In this paper I examine why we describe certain things, whether they be films, songs, or paintings, as guilty pleasures. First, I will outline some basic concepts in aesthetic philosophy related to guilty pleasures, namely, aesthetically appreciating some object and responding to it as a subject. In doing so, I will argue that guilty pleasures are defined by a particular way we respond to artistically created things. Specifically, I will put forth the case that guilty pleasures are characterized by how our judgment of an object’s beauty causes us to feel guilty about enjoying that object. As such, I believe moral sentiments and beliefs are at the heart of why we call things guilty pleasures. If I am right, in further saying that these moral dispositions are not obviously true or reliable, it appears we have some reason to enjoy our own personal “guilty pleasures” without any of the guilt.

5.15pm
Reception

Wednesday, April 23rd, 2014

York University’s National Undergraduate Philosophy Conference, Spring 2014

York University’s National Undergraduate Philosophy Conference
Spring 2014

Friday, May 2nd, 2014
010 Senior Common Room, Vanier College
10am – 5pm

Light breakfast and lunch will be provided.

This year’s conference will feature speakers published in The Oracle: York University’s Undergraduate Philosophical Review.
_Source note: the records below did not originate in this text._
Lemma eigenvalue_eigenrows l :
  eigenvalue g l -> exists2 i, row i M != 0 & l = mu i.
Proof.
move=> eig_l; have [i /andP[nz_i /eqP ->]|no_mu] :=
  pickP (fun i => (row i M != 0) && (l == mu i)); first by exists i.
suff : ~~ eigenvalue g l by rewrite eig_l.
have sub_M : (M <= g - l%:M)%MS.
  apply/row_subP => i; have [->|nz_i] := eqVneq (row i M) 0; first exact: sub0mx.
  have nz_mu : mu i - l != 0.
    by rewrite subr_eq0 eq_sym; have := no_mu i; rewrite nz_i => /negbT.
  have row_gl : row i M *m (g - l%:M) = (mu i - l) *: row i M.
    by rewrite mulmxBr eigM mul_mx_scalar scalerBl.
  by rewrite -[row i M](scalerK nz_mu) -row_gl scalemx_sub ?submxMl.
rewrite /eigenvalue /eigenspace negbK kermx_eq0 row_free_unit -row_full_unit.
by rewrite -sub1mx (submx_trans _ sub_M) ?sub1mx.
Qed.

End EigenRows.

Lemma row_unitmx_neq0 (F : fieldType) n (P : 'M[F]_n) i :
  P \in unitmx -> row i P != 0.
Proof.
rewrite -row_free_unit => /row_free_inj injP; rewrite rowE -(mul0mx 1 P).
by apply/eqP => /injP/matrixP/(_ 0 i); rewrite !mxE !eqxx; apply/eqP/oner_neq0.
Qed.

Section Congruence.
Variable C : numClosedFieldType.

Lemma ctmxK m n (A : 'M[C]_(m, n)) : ctmx (ctmx A) = A.
Proof. by apply/matrixP => i j; rewrite !mxE conjCK. Qed.

Lemma ctmxM m n p (A : 'M[C]_(m, n)) (B : 'M[C]_(n, p)) :
  ctmx (A *m B) = ctmx B *m ctmx A.
Proof. by rewrite /ctmx map_mxM trmx_mul. Qed.

Lemma ctmx0 m n : ctmx (0 : 'M[C]_(m, n)) = 0.
Proof. by rewrite /ctmx map_mx0 trmx0. Qed.

Lemma ctmx1 n : ctmx (1%:M : 'M[C]_n) = 1%:M.
Proof. by rewrite /ctmx map_mx1 trmx1. Qed.

Lemma ctmx_unit n (A : 'M[C]_n) : (ctmx A \in unitmx) = (A \in unitmx).
Proof. by rewrite /ctmx unitmx_tr map_unitmx. Qed.

Lemma ctmx_block m1 m2 n1 n2 (Aul : 'M[C]_(m1, n1)) (Aur : 'M[C]_(m1, n2))
    (Adl : 'M[C]_(m2, n1)) (Adr : 'M[C]_(m2, n2)) :
  ctmx (block_mx Aul Aur Adl Adr) =
  block_mx (ctmx Aul) (ctmx Adl) (ctmx Aur) (ctmx Adr).
Proof. by rewrite /ctmx map_block_mx tr_block_mx. Qed.

Lemma ctmx_row m n1 n2 (Al : 'M[C]_(m, n1)) (Ar : 'M[C]_(m, n2)) :
  ctmx (row_mx Al Ar) = col_mx (ctmx Al) (ctmx Ar).
Proof. by rewrite /ctmx map_row_mx tr_row_mx. Qed.

Lemma ctmx_diag n (d : 'rV[C]_n) : ctmx (diag_mx d) = diag_mx (map_mx Num.conj d).
Proof. by rewrite /ctmx map_diag_mx tr_diag_mx. Qed.

Lemma ctmx_congrM n (P Q A : 'M[C]_n) :
  ctmx (P *m Q) *m A *m (P *m Q) = ctmx Q *m (ctmx P *m A *m P) *m Q.
Proof. by rewrite ctmxM !mulmxA. Qed.

Lemma congr_invmx n (S A D : 'M[C]_n) : S \in unitmx ->
  ctmx S *m A *m S = D -> A = ctmx (invmx S) *m D *m invmx S.
Proof. by move=> Su <-; rewrite !mulmxA -ctmxM mulmxV // ctmx1 mul1mx mulmxK. Qed.

Lemma row_diag_mul m n (d : 'rV[C]_m) (P : 'M[C]_(m, n)) i :
  row i (diag_mx d *m P) = d 0 i *: row i P.
Proof. by rewrite row_mul row_diag_mx -scalemxAl -rowE. Qed.

Lemma congr_mulmx_eq0 n (X Y Q : 'M[C]_n) (x : 'cV[C]_n) : Q \in unitmx ->
  X = ctmx Q *m Y *m Q -> (X *m x = 0 <-> Y *m (Q *m x) = 0).
Proof.
move=> Qu ->; rewrite -!mulmxA; split=> [|->]; last by rewrite mulmx0.
move/(congr1 (mulmx (ctmx (invmx Q)))).
by rewrite mulmxA -ctmxM mulmxV ?ctmx1 ?mul1mx ?mulmx0.
Qed.

Lemma diag_mx_ker_ctmx n (d : 'rV[C]_n) (y : 'cV[C]_n) :
  diag_mx d *m y = 0 <-> ctmx (diag_mx d) *m y = 0.
Proof.
rewrite ctmx_diag !mul_diag_mx; split=> /matrixP dy; apply/matrixP => i j;
  by apply/eqP; move/eqP: (dy i j); rewrite !mxE !mulf_eq0 ?conjC_eq0.
Qed.

Lemma congr_diag_ker_ctmx n (A S : 'M[C]_n) (x : 'cV[C]_n) :
  S \in unitmx -> is_diag_mx (ctmx S *m A *m S) ->
  A *m x = 0 <-> ctmx A *m x = 0.
Proof.
move=> Su /diag_mxP [d /(congr_invmx Su) defA].
have defA' : ctmx A = ctmx (invmx S) *m ctmx (diag_mx d) *m invmx S.
  by rewrite {1}defA !ctmxM ctmxK mulmxA.
have Siu : invmx S \in unitmx by rewrite unitmx_inv.
rewrite (congr_mulmx_eq0 _ Siu defA) (congr_mulmx_eq0 _ Siu defA').
exact: diag_mx_ker_ctmx.
Qed.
It will also feature exceptional undergraduate philosophy students from across Canada, including speakers from The University of British Columbia and Trent University.

The Oracle is published by York University’s Undergraduate Philosophy Association, Philosophia. Each year, the peer-review committee compiles the most profound undergraduate papers into one review. This philosophical review embodies some of the most prominent topics in philosophy.

 

Keynote Address: Dr. Shyam Ranganathan

Dr. Ranganathan is interested in non-ethnocentric, and non-anthropocentric models of thought and value. This interest is expressed in his explorations into cross cultural understanding and translation, and in normative questions of how we ought to live. Some examples of the confluence of these interests include his role as translator and commentator of Indian moral philosophy (Patañjali ‘s Yoga Sūtra, Penguin Black Classics 2008), but also work in contemporary analytic philosophy on the problem of translation and moral concepts in cross cultural settings (An Archimedean Point for Philosophy, Metaphilosophy 42:4, 479–519). His current research on similar lines includes editing a volume on Indian Ethics (forthcoming through Bloomsbury Publishers), and in-progress papers on cultural-pluralism and moral controversy.